Вахт шел из синагоги в рюмочную по узким улицам одноэтажного города со своими друзьями – все они были старые, пьющие, не удавшиеся в этой жизни евреи. У входа в рюмочную в день субботний обычно играли лабухи. Когда они играют еврейские песни, даже лица у них становятся еврейские: грустные, без родины.
– Да-а-а! – с печальным пафосом заявлял уже в рюмочной Вахт своим друзьям, допивая стакан вина. – Знаете, что сказала моя мама, когда ей первый раз показали меня в родильном доме? Она сказала: боже мой, смотрите, какие у него уши, это настоящие аидише уши, теперь таких нет!
В рюмочной Вахт общался со своими горбоносыми приятелями, предавался религиозным и прочим рефлекторно возникающим у него на почве алкоголя чувствам.
Потом – Вэйвэл уже не входил, а вваливался во двор и, теряя по дороге запонки и пуговицы, волочился в свою, самую дальнюю, двенадцатую квартиру.
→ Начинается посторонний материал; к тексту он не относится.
Lemma cvg_trmx m n (M : nat -> 'M[R]_(m, n)) (L : 'M[R]_(m, n)) :
  M @ \oo --> L -> (fun k => (M k)^T) @ \oo --> L^T.
Proof.
move=> /cvgrPdist_lt ML; apply/cvgrPdist_lt => e /ML; apply: filterS => k.
by apply: le_lt_trans; rewrite -linearB mx_norm_trmx.
Qed.

Lemma cvg_mulmx m n (u : nat -> 'rV[R]_m) (M : nat -> 'M[R]_(m, n))
  (x : 'rV[R]_m) (L : 'M[R]_(m, n)) :
  (forall k v, enorm (v *m M k) <= enorm v) ->
  u @ \oo --> x -> M @ \oo --> L -> (fun k => u k *m M k) @ \oo --> x *m L.
Proof.
move=> contrM /cvg_enormP ux /cvgrPdist_lt ML; apply/cvg_enormP => e e0.
set C := (n * m)%:R * enorm x.
have C0 : 0 <= C by rewrite mulr_ge0 ?enorm_ge0.
have e2 : 0 < e / 2 by rewrite divr_gt0.
have e2C : 0 < e / 2 / (C + 1) by rewrite divr_gt0 // ltr_wpDl.
near=> k.
have -> : u k *m M k - x *m L = (u k - x) *m M k + x *m (M k - L).
  by rewrite mulmxBl mulmxBr addrA subrK.
apply: le_lt_trans (enormD _ _) _.
have uk : enorm ((u k - x) *m M k) < e / 2.
  by apply: le_lt_trans (contrM _ _) _; near: k; apply: ux.
have Mk : `|M k - L| * (C + 1) < e / 2.
  by rewrite -ltr_pdivlMr ?ltr_wpDl // distrC; near: k; apply: ML.
have := enorm_mulmx_le x (M k - L); rewrite mulrA -/C.
by have := normr_ge0 (M k - L); nra.
Unshelve. all: by end_near.
Qed.

End EuclideanConvergence.

Lemma near_subseq (P : nat -> Prop) (s : nat -> nat) :
  (forall j, (j <= s j)%N) ->
  (\forall k \near \oo, P k) -> \forall j \near \oo, P (s j).
Proof.
by move=> js [N _ NP]; exists N => // j /= Nj; apply/NP/(leq_trans Nj).
Qed.

Lemma cvg_subseq (T : topologicalType) (u : nat -> T) (l : T) (s : nat -> nat) :
  (forall j, (j <= s j)%N) -> u @ \oo --> l -> u \o s @ \oo --> l.
Proof. by move=> js; apply: cvg_comp => P /(near_subseq js). Qed.
Definition ordx_ge f p := forall a b, (mdeg a < p)%N -> f a b = 0.

Lemma ordx_geM f g p q : ordx_ge f p -> ordx_ge g q -> ordx_ge (f * g) (p + q).
Proof.
move=> fp gq a b apq; rewrite coefM big1_seq // => c /andP[_]; rewrite mem_below => ca.
apply: big1 => d _; have := mdegB ca; have := mle_mdeg ca.
case: (ltnP (mdeg c) p) => cp; first by rewrite fp ?mul0r.
by move=> ca_deg acdeg; rewrite gq ?mulr0 // acdeg; lia.
Qed.

Lemma ordx_geX f n : ordx_ge f 1 -> ordx_ge (f ^+ n) n.
Proof.
move=> f1; elim: n => [|n IH]; first by rewrite expr0.
by rewrite exprS -add1n; apply: ordx_geM.
Qed.

Lemma ordx_ge_prod (I : Type) (r : seq I) (F : I -> PS k) (p : I -> nat) :
  (forall i, ordx_ge (F i) (p i)) -> ordx_ge (\prod_(i <- r) F i) (\sum_(i <- r) p i).
Proof.
move=> Fp; elim: r => [|x r IH]; first by rewrite !big_nil.
by rewrite !big_cons; apply: ordx_geM.
Qed.

Lemma ordx_gt_le f m n : (m <= n)%N -> ordx_gt f n -> ordx_gt f m.
Proof. by move=> mn fn a b am; apply: fn; exact: leq_trans am mn. Qed.

Lemma ordx_gt_sum (I : Type) (r : seq I) (F : I -> PS k) n :
  (forall i, ordx_gt (F i) n) -> ordx_gt (\sum_(i <- r) F i) n.
Proof.
move=> Fn; elim: r => [|x r IH]; first by rewrite big_nil.
by rewrite big_cons => a b an; rewrite coefD Fn ?IH ?addr0.
Qed.

Lemma ordx_gtMr f g n : ordx_gt f n -> ordx_gt (f * g) n.
Proof.
move=> fn a b an; rewrite coefM big1_seq // => c /andP[_]; rewrite mem_below => ca.
by apply: big1 => d _; rewrite fn ?mul0r // (leq_trans (mle_mdeg ca)).
Qed.

Lemma ordx_gt_pd j f n : ordx_gt f n.+1 -> ordx_gt (pd j f) n.
Proof. by move=> fn a b an; rewrite pdE fn ?mulr0 // mdegD mdeg_munit addn1. Qed.
Definition letter := bool.
Definition lx : letter := true.
Definition ly : letter := false.
Definition word := seq letter.

(* The free algebra V on x, y, represented as formal finite linear
   combinations of words (lists of (coefficient, word) pairs); two such
   representations denote the same vector iff all word-coefficients agree. *)
Definition vec (F : fieldType) := seq (F * word).

Definition coef (F : fieldType) (v : vec F) (w : word) : F :=
  \sum_(p <- v | p.2 == w) p.1.

Definition veq (F : fieldType) (a b : vec F) : Prop := forall w, coef a w = coef b w.

Definition pairing (a b : letter) : int := if a == b then (2 : int) else (-2 : int).

Definition lbar (a : letter) : int := if a then (1 : int) else (-1 : int).

Definition qint (F : fieldType) (q : F) (n : int) : F :=
  (q ^ n - q ^ (- n)) / (q - q^-1).

Definition scalev (F : fieldType) (c : F) (v : vec F) : vec F :=
  [seq (c * p.1, p.2) | p <- v].

Definition prependv (F : fieldType) (a : letter) (v : vec F) : vec F :=
  [seq (p.1, a :: p.2) | p <- v].

(* q-shuffle of two words, following the recursive definition:
   u * v = u1 ((u2..ur) * v) + v1 (u * (v2..vs)) q^{(u1,v1)+...+(ur,v1)}. *)
Fixpoint qshw (F : fieldType) (q : F) (u : word) : word -> vec F :=
  match u with
  | [::] => fun v => [:: (1, v)]
  | a :: u' =>
      fix g (v : word) : vec F :=
        match v with
        | [::] => [:: (1, a :: u')]
        | b :: v' =>
            prependv a (qshw q u' v) ++
            scalev (q ^ (\sum_(c <- a :: u') pairing c b)) (prependv b (g v'))
        end
  end.

Definition qshuffle (F : fieldType) (q : F) (A B : vec F) : vec F :=
  flatten [seq [seq (a.1 * b.1 * c.1, c.2) | c <- qshw q a.2 b.2]
          | a <- A, b <- B].

Fixpoint allwords (n : nat) : seq word :=
  match n with
  | 0 => [:: [::]]
  | n'.+1 => [seq a :: w | a <- [:: lx; ly], w <- allwords n']
  end.

Definition psum (w : word) (i : nat) : int := \sum_(a <- take i w) lbar a.

Definition catalan (w : word) : bool :=
  [forall i : 'I_(size w), (0 < i)%N ==> (0 <= psum w i)] && (psum w (size w) == 0).

Definition Ccat (F : fieldType) (q : F) (n : nat) : vec F :=
  [seq (\prod_(i < (2 * n).+1) qint q (1 + psum w i), w)
  | w <- allwords (2 * n) & catalan w].

Definition xCy (F : fieldType) (q : F) (n : nat) : vec F :=
  [seq (p.1, lx :: p.2 ++ [:: ly]) | p <- Ccat q n].

From HB Require Import structures.
From mathcomp Require Import all_boot all_order all_algebra.
From mathcomp Require Import ring zify.
From Stdlib Require Import FunctionalExtensionality.
Import Order.TTheory GRing.Theory Num.Theory.
Set Implicit Arguments. Unset Strict Implicit. Unset Printing Implicit Defensive.
Local Open Scope ring_scope.
Lemma gen2_ind (P : gen p 2 -> Prop) : (forall a b c, P (mk2 a b c)) -> forall g, P g.
Proof.
move=> Pmk [a t]; have -> : t = [tuple tnth t ord0; tnth t ord_max].
  by apply: eq_from_tnth => -[[|[|i]] lti] //=; congr tnth; apply: val_inj.
exact: Pmk.
Qed.

Lemma mk2_inj a b c a' b' c' : mk2 a b c = mk2 a' b' c' -> [/\ a = a', b = b' & c = c'].
Proof.
move=> e; split; [exact: (congr1 fst e) | exact: (congr1 (fun g => tnth g.2 ord0) e)
  | exact: (congr1 (fun g => tnth g.2 ord_max) e)].
Qed.

Lemma I2_mk2 a b c : I2 p (mk2 a b c) =
  [&& a != b, b != c & is_minQ (quad a b c (tern a b c)) (Qset a b c)].
Proof. by []. Qed.

Lemma J2_mk2 a b c : J2 p (mk2 a b c) = (b == a) && (a < c)%N.
Proof. by []. Qed.

Lemma degen_mk2 a b c : degen (mk2 a b c) = (b == c).
Proof.
apply/existsP/idP => [[[[|[|i]] lti] /existsP [[[|[|j]] ltj]]] // | bc].
by exists ord0; apply/existsP; exists ord_max.
Qed.

Local Notation rel0 g := (rel_gen g ord0).
Local Notation rel1 g := (rel_gen g ord_max).

Lemma rel0_mk2 a b c : rel0 (mk2 a b c) = mk2 b a (tern a b c).
Proof.
by rewrite /rel_gen /=; congr pair; apply: eq_from_tnth => -[[|[|i]] lti] //;
  rewrite !tnth_map tnth_ord_tuple.
Qed.

Lemma rel1_mk2 a b c : rel1 (mk2 a b c) = mk2 c (tern a b c) a.
Proof.
by rewrite /rel_gen /=; congr pair; apply: eq_from_tnth => -[[|[|i]] lti] //;
  rewrite !tnth_map tnth_ord_tuple.
Qed.
(* Let $R$ be a finite set of $n$ robots, with coordination space $\chi=\mathbb{R}^n$, obstacle region $\chi^{\mathrm{obs}}$, dynamics, brake-safe set $B_G$ and control law $g^G$ as described in the context, where $G$ is any directed graph on vertex set $R$. Then $B_G$ is positively invariant in discrete time for the system under control law $g^G$: $$\forall s\in B_G,\ \forall k\in\mathbb{N},\quad \Phi(k,s,g^G)\in B_G.$$ Moreover, the configuration remains in $\chi^{\mathrm{free}}_G$ in continuous time: $$\forall s\in B_G,\ \forall t\ge 0,\quad \pi_x(\Phi(t,s,g^G))\in \chi^{\mathrm{free}}_G.$$
   Context: Robots $i\in R$ move along fixed paths; $x_i\in\mathbb{R}$ is the curvilinear coordinate of robot $i$, $x=(x_i)_{i\in R}\in\chi:=\mathbb{R}^n$, and $\{\mathbf e_i\}$ is the canonical basis of $\chi$. For each unordered pair $\{i,j\}$, $\chi^{\mathrm{obs}}_{ij}\subset\chi$ (configurations where $i$ and $j$ collide) is an open cylinder of the form $C_{ij}+\mathrm{span}\{\mathbf e_k:k\ne i,j\}$ where $C_{ij}$ is an open bounded convex subset of $\mathrm{span}\{\mathbf e_i,\mathbf e_j\}$ (possibly empty); $\chi^{\mathrm{obs}}=\bigcup_{\{i,j\}}\chi^{\mathrm{obs}}_{ij}$. For $i\neq j$ define $\chi^{\mathrm{obs}}_{i\succ j}:=\chi^{\mathrm{obs}}_{ij}-\mathbb{R}_+\mathbf e_i+\mathbb{R}_+\mathbf e_j$ (Minkowski sum). A priority graph is a directed graph $G$ with vertex set $R$ and edge set $E(G)$; an edge $(i,j)$ means $i$ has priority over $j$. Set $\chi^{\mathrm{obs}}_G:=\bigcup_{(i,j)\in E(G)}\chi^{\mathrm{obs}}_{i\succ j}$, $\chi^{\mathrm{free}}_{i\succ j}:=\chi\setminus\chi^{\mathrm{obs}}_{i\succ j}$, $\chi^{\mathrm{free}}_G:=\chi\setminus\chi^{\mathrm{obs}}_G$. Dynamics: robot $i$ has state $s_i=(x_i,v_i)\in S_i:=\mathbb{R}\times[0,\overline v_i]$ with speed limit $\overline v_i\ge 0$, and $\dot x_i=v_i$, $\dot v_i=\mathbf u_i(t)\,\delta(\mathbf u_i(t),v_i(t))$, where $\delta(u,v)=0$ if ($v=0$ and $u<0$) or ($v=\overline v_i$ and $u>0$), and $\delta=1$ otherwise. Controls take values in $U_i=[\underline u_i,\overline u_i]$ with $\underline u_i<0<\overline u_i$ and are piecewise constant on each slot $[k,k+1)$, $k\in\mathbb{N}$; $\mathbf U_i$ is the set of such controls, $\mathbf U=\prod_i\mathbf U_i$, $S=\prod_i S_i$, $U=\prod_i U_i$. $\Phi_i(t,s_i,\mathbf u_i)$ is the resulting flow of robot $i$ from $s_i$, and $\Phi(t,s,\mathbf u)=(\Phi_i(t,s_i,\mathbf u_i))_i$. $\underline{\mathbf u}$ denotes the constant control equal to $(\underline u_i)_i$. $\pi_x(s)=x$ and $\pi_{x,i}(s)=x_i$. Brake-safe states: $B_G:=\{s\in S:\ \pi_x(\Phi(t,s,\underline{\mathbf u}))\in\chi^{\mathrm{free}}_G\ \forall t\ge0\}$. Impulse control: $\mathbf u_i^{\mathrm{impulse}}(t)=\overline u_i$ for $t\in[0,1)$ and $=\underline u_i$ for $t\ge1$. Worst-case control w.r.t. $i$: $\tilde{\mathbf u}^i$ with $\tilde{\mathbf u}^i_i=\mathbf u_i^{\mathrm{impulse}}$ and $\tilde{\mathbf u}^i_j=\underline{\mathbf u}_j$ (constant $\underline u_j$) for $j\ne i$. Control law $g^G:S\to U$: $g^G_i(s)=\underline u_i$ if there exists $(j,i)\in E(G)$ and $t\ge0$ with $\pi_x(\Phi(t,s,\tilde{\mathbf u}^i))\in\chi^{\mathrm{obs}}_{j\succ i}$; otherwise $g^G_i(s)=\overline u_i$. For a feedback law $h:S\to U$, $\Phi(t,s,h)$ denotes $\Phi(t,s,\mathbf u)$ where $\mathbf u\in\mathbf U$ satisfies $\mathbf u(k)=h(\Phi(k,s,\mathbf u))$ for all $k\in\mathbb{N}$. *)

From Stdlib Require Import Reals Lra ClassicalEpsilon.
From Coquelicot Require Import Coquelicot.
Open Scope R_scope.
Когда, натыкаясь на подлые стулья, нарочно старающиеся задеть Вэйвэла Соломоновича, Вахт старался тихо раздеться – Рива, страдавшая в числе много другого бессонницей, всегда очень громко спрашивала:
– Вэйвэл! Ты напился? Ты напился?
Вэйвэл отвечал ей просто:
– Нет.
Он Риве лгал.
Утром воскресенья Вахт был мрачен. Осторожно ступая по двору, как это бывает с людьми, не помнящими половины вчерашнего вечера и потому не уверенными, ходили они тут вчера или нет, он искал. Запонки и пуговицы.
Рива Вахт всегда была нелюдима, видом довольно страшна, похожа на Бабу-ягу, только еврейскую. Сколько я себя помню, Рива во двор выходила редко – она всегда болела, никто не знал чем. У нее было очень плохое зрение. Еще я помню гребешок, старый, которым она чесала свои длинные седые патлы. И – шаль, у нее была старая, серая пыльная шаль, какая непременно должна быть у всякой ведьмы. И у Ривы она была. Ну а главной слабостью Ривы были голландские белые куры. Рива так говорила про них:
– Это настоящие голландские куры! Смотрите, какие у них ноги! Разве у простых кур такие ноги?